• REQUIRED WORK:
Copy out the lines of the records below, and only those lines, from the one with "destruct (Req_dec (C" through the one with "specialize (Hbound (S N) ltac:(lia)).", exactly as they appear.

• DATASET RECORDS:
****************************************

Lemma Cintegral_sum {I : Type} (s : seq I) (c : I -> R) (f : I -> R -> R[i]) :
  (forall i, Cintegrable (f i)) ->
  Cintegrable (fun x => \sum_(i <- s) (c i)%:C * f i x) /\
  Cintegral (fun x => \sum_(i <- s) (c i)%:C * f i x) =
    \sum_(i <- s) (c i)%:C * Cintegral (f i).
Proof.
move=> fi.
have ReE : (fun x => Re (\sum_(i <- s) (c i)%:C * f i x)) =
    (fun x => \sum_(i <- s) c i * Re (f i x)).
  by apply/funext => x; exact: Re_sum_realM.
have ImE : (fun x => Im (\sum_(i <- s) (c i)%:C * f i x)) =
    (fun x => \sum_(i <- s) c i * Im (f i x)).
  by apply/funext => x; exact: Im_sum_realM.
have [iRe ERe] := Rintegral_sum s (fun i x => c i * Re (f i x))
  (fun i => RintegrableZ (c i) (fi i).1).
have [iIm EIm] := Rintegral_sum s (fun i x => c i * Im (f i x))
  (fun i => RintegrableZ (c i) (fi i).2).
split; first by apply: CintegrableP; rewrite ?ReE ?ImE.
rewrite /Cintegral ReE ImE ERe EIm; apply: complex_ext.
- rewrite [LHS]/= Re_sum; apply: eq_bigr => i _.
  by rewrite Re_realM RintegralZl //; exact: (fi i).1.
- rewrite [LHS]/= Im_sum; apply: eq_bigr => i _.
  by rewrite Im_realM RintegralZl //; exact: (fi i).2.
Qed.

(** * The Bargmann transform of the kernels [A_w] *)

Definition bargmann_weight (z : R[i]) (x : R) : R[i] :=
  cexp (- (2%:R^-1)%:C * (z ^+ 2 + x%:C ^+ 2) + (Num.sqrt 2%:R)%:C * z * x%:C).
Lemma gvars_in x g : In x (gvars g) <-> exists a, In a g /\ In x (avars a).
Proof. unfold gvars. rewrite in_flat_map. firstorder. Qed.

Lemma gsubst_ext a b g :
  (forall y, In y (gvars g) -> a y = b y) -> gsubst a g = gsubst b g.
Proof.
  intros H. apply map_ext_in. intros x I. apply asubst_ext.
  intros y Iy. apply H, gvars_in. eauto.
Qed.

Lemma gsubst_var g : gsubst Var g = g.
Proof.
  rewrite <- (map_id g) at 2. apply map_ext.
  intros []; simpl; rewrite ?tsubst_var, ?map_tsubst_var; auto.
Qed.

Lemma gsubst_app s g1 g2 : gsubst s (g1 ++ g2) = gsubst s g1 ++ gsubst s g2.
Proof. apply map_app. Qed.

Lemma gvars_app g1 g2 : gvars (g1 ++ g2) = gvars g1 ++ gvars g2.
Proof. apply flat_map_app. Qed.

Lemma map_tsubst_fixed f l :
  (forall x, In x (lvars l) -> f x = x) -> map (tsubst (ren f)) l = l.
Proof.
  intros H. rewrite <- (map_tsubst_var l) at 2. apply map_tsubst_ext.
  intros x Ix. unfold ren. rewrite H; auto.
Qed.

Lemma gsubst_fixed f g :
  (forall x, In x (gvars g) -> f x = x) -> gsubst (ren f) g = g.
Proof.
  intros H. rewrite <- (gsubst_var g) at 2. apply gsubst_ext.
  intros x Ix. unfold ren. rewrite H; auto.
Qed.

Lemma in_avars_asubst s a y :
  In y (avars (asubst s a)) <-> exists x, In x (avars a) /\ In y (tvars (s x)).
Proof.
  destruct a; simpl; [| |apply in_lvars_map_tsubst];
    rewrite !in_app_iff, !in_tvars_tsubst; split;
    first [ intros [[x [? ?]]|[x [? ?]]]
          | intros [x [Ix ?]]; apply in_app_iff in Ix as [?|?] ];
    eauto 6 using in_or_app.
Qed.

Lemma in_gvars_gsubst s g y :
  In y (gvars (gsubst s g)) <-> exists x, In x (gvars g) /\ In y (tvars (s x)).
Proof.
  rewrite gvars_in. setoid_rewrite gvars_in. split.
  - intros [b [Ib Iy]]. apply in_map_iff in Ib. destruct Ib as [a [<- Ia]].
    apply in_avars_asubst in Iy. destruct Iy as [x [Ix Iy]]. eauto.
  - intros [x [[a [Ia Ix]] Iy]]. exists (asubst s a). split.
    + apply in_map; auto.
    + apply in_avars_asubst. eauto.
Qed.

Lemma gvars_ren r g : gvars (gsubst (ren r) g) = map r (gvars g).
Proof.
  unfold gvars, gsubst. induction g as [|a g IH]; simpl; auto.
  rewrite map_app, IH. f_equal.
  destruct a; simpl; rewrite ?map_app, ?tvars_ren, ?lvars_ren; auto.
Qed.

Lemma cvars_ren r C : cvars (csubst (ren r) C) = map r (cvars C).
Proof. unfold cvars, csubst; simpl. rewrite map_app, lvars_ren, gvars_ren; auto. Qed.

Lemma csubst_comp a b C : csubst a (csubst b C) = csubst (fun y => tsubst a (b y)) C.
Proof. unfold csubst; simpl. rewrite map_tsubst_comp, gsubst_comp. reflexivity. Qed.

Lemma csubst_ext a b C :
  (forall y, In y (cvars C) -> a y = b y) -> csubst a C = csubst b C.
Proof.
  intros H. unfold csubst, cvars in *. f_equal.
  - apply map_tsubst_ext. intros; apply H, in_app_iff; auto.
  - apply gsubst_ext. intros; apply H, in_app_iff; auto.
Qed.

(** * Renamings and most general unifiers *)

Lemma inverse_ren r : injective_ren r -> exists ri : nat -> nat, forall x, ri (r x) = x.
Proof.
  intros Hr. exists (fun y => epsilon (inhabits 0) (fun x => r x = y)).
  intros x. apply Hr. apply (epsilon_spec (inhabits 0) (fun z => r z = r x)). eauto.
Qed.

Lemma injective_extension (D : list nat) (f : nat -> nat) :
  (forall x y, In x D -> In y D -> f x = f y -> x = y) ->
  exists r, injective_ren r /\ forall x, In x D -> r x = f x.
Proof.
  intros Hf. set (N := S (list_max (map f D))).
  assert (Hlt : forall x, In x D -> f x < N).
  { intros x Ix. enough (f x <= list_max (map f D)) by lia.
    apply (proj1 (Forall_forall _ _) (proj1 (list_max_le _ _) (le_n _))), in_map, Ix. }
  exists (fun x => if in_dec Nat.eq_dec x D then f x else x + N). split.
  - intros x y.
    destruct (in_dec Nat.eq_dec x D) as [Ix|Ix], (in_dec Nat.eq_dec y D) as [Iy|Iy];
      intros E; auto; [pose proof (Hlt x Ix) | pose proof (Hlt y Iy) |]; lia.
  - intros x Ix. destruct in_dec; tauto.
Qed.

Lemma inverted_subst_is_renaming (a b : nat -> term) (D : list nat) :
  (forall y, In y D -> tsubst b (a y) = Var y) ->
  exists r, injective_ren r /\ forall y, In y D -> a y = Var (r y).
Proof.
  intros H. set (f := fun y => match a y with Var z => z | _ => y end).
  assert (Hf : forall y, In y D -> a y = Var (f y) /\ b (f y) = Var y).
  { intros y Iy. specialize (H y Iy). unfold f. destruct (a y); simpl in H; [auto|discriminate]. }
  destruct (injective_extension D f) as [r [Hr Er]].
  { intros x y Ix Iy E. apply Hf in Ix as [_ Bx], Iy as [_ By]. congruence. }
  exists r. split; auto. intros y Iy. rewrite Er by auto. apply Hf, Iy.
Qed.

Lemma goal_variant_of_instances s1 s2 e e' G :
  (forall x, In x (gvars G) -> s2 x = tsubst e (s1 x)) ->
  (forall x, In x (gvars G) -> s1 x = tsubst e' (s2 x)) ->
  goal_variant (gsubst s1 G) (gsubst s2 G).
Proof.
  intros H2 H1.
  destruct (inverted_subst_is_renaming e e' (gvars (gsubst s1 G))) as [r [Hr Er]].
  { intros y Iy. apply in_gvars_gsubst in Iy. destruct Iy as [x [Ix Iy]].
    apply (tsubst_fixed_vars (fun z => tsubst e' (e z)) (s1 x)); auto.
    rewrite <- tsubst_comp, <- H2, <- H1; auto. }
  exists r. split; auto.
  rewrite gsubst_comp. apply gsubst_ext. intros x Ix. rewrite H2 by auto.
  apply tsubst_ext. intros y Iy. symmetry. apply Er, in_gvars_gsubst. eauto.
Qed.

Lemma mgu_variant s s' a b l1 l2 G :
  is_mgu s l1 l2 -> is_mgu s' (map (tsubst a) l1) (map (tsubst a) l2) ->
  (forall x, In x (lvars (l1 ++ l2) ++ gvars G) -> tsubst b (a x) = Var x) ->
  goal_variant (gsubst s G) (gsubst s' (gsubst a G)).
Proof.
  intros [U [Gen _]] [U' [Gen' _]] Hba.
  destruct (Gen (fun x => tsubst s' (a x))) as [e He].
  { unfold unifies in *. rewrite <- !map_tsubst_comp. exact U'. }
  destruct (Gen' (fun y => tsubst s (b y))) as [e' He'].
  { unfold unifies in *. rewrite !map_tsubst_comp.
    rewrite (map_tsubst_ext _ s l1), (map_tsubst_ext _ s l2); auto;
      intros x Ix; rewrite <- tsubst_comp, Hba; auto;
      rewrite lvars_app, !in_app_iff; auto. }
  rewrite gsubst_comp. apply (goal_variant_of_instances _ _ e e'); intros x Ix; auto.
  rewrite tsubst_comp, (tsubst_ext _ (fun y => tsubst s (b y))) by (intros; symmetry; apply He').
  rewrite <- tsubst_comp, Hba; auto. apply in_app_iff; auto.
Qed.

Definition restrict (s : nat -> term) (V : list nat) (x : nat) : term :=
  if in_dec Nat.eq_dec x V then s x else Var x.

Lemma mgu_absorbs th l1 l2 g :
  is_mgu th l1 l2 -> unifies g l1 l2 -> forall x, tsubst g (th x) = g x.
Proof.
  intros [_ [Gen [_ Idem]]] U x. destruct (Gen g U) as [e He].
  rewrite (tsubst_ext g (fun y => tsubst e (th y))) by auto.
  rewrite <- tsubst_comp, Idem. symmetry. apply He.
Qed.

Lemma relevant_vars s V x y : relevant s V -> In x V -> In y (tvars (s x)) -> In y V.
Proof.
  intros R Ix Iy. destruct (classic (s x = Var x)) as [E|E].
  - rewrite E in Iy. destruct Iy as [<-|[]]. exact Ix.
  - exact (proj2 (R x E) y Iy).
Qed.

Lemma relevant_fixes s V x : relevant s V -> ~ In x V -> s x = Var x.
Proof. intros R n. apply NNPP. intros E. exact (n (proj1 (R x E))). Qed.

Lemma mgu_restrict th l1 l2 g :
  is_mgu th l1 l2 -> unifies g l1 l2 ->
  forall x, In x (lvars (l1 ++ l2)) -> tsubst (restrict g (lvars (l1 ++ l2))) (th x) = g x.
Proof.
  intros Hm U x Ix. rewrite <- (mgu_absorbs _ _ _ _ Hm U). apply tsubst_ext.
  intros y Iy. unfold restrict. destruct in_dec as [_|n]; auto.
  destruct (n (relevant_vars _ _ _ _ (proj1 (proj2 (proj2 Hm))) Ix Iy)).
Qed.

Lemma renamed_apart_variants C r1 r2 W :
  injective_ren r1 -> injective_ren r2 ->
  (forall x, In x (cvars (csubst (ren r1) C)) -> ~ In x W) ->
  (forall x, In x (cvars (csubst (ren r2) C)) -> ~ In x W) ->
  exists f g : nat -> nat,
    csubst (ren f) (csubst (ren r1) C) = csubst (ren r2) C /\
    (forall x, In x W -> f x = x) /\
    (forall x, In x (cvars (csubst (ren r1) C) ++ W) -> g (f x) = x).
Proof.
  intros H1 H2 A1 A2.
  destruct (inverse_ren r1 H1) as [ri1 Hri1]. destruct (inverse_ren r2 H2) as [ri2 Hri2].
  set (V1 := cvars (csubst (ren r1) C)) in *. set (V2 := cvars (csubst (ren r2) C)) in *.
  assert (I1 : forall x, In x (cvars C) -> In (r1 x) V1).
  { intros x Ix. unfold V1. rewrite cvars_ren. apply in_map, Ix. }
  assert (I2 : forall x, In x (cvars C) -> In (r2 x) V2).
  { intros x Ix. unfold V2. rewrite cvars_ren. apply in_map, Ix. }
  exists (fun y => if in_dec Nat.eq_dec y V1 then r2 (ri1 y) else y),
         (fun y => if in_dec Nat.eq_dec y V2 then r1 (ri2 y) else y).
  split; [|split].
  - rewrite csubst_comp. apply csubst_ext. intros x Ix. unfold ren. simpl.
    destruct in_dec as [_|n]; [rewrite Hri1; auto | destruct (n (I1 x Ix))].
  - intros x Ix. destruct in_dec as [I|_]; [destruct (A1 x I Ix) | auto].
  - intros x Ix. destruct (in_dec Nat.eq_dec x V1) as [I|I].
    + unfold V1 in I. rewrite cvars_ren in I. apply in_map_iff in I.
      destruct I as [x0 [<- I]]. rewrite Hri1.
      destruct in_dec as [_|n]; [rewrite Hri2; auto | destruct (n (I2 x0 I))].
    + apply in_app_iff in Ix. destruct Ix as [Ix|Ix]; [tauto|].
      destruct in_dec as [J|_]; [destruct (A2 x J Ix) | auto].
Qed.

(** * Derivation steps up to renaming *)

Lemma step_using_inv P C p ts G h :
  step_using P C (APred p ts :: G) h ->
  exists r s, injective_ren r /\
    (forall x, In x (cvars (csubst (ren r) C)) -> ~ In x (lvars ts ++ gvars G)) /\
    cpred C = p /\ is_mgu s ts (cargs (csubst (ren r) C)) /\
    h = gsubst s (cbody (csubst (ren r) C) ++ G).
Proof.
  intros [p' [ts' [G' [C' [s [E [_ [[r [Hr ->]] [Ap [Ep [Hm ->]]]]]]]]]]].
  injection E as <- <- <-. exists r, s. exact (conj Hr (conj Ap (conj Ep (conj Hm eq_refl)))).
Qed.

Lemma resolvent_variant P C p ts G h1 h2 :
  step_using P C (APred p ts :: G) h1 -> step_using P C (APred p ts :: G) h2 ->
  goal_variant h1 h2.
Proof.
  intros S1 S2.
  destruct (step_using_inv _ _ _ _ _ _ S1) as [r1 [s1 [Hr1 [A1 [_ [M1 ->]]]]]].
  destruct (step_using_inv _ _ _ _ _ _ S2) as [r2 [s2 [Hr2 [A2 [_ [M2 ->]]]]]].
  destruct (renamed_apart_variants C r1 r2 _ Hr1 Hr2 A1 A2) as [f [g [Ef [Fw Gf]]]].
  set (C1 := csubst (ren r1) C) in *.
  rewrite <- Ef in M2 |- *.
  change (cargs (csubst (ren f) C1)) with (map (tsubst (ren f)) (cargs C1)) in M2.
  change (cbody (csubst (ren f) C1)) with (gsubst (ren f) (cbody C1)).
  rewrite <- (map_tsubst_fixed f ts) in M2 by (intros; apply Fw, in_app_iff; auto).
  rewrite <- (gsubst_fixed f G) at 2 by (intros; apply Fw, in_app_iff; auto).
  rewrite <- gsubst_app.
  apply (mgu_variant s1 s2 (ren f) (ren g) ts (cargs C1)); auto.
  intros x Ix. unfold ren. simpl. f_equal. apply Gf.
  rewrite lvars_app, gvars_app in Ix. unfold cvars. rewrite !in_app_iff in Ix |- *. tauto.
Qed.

****************************************

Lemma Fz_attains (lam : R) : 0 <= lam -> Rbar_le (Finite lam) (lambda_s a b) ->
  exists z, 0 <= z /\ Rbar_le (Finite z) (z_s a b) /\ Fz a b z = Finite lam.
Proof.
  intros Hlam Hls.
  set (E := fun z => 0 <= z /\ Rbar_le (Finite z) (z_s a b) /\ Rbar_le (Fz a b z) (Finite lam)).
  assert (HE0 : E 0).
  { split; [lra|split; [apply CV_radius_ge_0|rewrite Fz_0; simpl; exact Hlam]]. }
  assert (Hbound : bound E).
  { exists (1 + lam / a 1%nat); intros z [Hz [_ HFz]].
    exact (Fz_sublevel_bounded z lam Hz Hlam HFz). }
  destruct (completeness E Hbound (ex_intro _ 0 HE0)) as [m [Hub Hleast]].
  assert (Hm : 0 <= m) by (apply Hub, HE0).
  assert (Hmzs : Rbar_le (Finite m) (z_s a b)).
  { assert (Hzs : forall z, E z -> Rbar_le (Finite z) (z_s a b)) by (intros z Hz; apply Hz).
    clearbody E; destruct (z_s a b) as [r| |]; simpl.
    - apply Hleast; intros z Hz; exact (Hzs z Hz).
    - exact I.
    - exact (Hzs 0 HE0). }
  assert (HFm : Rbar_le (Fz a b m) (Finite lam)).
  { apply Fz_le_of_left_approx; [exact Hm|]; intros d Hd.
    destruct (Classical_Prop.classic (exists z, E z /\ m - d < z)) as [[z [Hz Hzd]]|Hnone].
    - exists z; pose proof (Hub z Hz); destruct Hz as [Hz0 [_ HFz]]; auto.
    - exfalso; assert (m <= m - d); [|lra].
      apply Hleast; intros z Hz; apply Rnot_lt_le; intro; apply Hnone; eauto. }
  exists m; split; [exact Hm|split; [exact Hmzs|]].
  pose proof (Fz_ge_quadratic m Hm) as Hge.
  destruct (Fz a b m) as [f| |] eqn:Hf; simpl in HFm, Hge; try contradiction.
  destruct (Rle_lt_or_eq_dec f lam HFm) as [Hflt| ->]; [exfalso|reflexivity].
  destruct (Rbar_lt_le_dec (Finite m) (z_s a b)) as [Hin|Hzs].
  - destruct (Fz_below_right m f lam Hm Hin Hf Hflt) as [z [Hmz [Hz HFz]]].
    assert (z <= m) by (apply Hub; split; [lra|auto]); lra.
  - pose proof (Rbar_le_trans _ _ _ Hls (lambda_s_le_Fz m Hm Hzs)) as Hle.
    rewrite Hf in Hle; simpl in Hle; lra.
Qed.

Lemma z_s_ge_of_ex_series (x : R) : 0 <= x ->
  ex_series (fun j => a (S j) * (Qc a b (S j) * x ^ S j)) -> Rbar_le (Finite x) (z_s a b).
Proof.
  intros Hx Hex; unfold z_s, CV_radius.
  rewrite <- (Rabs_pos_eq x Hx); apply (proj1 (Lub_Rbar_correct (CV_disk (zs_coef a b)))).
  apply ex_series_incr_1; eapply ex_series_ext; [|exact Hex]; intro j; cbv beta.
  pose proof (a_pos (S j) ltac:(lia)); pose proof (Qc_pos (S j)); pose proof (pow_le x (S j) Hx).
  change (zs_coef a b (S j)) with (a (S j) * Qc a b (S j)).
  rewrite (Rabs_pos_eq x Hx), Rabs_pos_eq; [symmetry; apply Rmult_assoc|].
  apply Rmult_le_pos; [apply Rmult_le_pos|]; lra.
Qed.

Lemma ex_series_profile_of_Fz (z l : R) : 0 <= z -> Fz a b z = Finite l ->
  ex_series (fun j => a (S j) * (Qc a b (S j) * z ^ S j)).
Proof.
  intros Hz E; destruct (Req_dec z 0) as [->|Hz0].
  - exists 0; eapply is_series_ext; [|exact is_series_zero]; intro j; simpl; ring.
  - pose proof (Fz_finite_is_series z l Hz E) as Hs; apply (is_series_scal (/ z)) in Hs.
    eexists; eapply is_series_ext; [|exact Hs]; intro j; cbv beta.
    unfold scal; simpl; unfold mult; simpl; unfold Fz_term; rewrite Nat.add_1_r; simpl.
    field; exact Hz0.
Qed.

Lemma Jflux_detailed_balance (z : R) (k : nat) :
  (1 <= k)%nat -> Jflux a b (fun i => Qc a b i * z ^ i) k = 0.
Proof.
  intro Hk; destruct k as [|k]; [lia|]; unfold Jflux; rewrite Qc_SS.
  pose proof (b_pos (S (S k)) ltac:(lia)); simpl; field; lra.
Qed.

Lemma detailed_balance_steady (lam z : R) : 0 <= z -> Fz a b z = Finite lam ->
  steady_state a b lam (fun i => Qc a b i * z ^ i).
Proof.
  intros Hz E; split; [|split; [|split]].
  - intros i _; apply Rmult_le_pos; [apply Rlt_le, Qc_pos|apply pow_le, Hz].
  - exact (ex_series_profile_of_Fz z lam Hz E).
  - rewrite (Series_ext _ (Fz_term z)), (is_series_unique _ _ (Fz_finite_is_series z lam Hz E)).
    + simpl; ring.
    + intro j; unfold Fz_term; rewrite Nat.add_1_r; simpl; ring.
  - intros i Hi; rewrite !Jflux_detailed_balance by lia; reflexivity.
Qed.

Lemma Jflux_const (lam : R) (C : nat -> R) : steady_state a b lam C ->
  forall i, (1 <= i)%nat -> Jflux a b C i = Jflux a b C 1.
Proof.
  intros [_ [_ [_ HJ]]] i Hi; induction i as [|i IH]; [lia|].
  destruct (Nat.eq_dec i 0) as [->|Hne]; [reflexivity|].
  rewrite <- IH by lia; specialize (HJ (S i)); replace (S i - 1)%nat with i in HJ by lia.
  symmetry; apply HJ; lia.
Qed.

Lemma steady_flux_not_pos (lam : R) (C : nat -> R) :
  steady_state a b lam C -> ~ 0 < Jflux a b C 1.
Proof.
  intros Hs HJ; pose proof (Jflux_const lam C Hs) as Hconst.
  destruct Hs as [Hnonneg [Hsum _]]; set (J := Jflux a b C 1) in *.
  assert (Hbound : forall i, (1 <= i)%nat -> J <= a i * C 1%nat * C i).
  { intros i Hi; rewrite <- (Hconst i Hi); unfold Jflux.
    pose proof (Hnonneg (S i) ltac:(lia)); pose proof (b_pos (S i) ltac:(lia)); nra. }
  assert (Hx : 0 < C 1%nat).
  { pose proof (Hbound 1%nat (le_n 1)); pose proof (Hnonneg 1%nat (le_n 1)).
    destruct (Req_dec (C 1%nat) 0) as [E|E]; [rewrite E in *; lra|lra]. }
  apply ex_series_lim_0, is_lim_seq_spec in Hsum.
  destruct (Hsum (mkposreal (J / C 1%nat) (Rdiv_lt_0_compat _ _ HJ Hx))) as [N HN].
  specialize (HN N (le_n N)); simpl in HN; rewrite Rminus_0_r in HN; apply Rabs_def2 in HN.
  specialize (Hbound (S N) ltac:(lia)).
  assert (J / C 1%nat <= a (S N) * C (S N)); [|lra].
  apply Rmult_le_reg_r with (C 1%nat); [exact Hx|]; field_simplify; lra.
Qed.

****************************************

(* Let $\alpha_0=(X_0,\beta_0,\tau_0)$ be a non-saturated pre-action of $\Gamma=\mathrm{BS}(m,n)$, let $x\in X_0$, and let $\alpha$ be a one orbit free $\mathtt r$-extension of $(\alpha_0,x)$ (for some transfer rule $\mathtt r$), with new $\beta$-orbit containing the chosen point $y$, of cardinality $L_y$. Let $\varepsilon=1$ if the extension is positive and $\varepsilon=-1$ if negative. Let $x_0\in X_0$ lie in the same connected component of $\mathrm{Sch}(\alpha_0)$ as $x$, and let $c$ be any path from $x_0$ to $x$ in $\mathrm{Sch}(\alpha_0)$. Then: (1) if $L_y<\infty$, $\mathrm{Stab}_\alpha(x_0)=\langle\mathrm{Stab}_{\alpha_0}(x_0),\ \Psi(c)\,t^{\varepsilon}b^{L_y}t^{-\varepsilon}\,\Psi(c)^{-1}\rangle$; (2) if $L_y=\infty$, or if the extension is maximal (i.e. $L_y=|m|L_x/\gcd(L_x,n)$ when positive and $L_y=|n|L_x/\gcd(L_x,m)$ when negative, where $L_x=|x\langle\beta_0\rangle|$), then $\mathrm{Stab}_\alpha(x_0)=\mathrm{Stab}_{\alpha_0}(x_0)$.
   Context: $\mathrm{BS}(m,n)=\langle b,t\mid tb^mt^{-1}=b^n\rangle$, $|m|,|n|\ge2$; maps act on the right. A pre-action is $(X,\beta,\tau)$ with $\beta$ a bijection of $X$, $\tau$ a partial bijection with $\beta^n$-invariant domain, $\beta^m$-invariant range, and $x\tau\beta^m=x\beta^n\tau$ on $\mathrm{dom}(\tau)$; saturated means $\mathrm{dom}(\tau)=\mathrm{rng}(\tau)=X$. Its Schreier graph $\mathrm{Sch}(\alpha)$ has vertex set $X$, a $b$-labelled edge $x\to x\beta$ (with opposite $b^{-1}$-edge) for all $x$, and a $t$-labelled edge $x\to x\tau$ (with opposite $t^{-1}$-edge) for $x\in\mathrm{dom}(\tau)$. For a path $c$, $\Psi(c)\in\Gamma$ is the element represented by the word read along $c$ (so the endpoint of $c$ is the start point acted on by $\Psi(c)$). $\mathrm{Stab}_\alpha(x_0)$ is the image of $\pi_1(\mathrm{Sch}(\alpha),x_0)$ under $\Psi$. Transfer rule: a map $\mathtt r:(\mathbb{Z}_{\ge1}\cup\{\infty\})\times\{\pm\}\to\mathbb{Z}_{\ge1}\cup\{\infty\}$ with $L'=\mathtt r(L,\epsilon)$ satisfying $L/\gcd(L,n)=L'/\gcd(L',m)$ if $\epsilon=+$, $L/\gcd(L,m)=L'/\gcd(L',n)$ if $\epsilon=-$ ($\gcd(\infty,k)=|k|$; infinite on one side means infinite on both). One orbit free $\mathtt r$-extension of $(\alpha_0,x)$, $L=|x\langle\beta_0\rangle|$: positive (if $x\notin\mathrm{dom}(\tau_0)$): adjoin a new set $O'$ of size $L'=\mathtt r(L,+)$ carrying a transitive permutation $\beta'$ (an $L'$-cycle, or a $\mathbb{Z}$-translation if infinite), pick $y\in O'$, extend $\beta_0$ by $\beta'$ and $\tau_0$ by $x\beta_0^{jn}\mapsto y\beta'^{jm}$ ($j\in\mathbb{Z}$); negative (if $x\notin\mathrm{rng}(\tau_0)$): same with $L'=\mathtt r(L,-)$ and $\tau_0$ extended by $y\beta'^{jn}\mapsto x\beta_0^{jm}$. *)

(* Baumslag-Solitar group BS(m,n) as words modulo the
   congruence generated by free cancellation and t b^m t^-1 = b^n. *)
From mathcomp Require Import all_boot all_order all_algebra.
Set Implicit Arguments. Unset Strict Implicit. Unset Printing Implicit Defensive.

****************************************

• RESPONSE TO THE EXERCISE:
    destruct (Req_dec (C 1%nat) 0) as [E|E]; [rewrite E in *; lra|lra]. }
  apply ex_series_lim_0, is_lim_seq_spec in Hsum.
  destruct (Hsum (mkposreal (J / C 1%nat) (Rdiv_lt_0_compat _ _ HJ Hx))) as [N HN].
  specialize (HN N (le_n N)); simpl in HN; rewrite Rminus_0_r in HN; apply Rabs_def2 in HN.
  specialize (Hbound (S N) ltac:(lia)).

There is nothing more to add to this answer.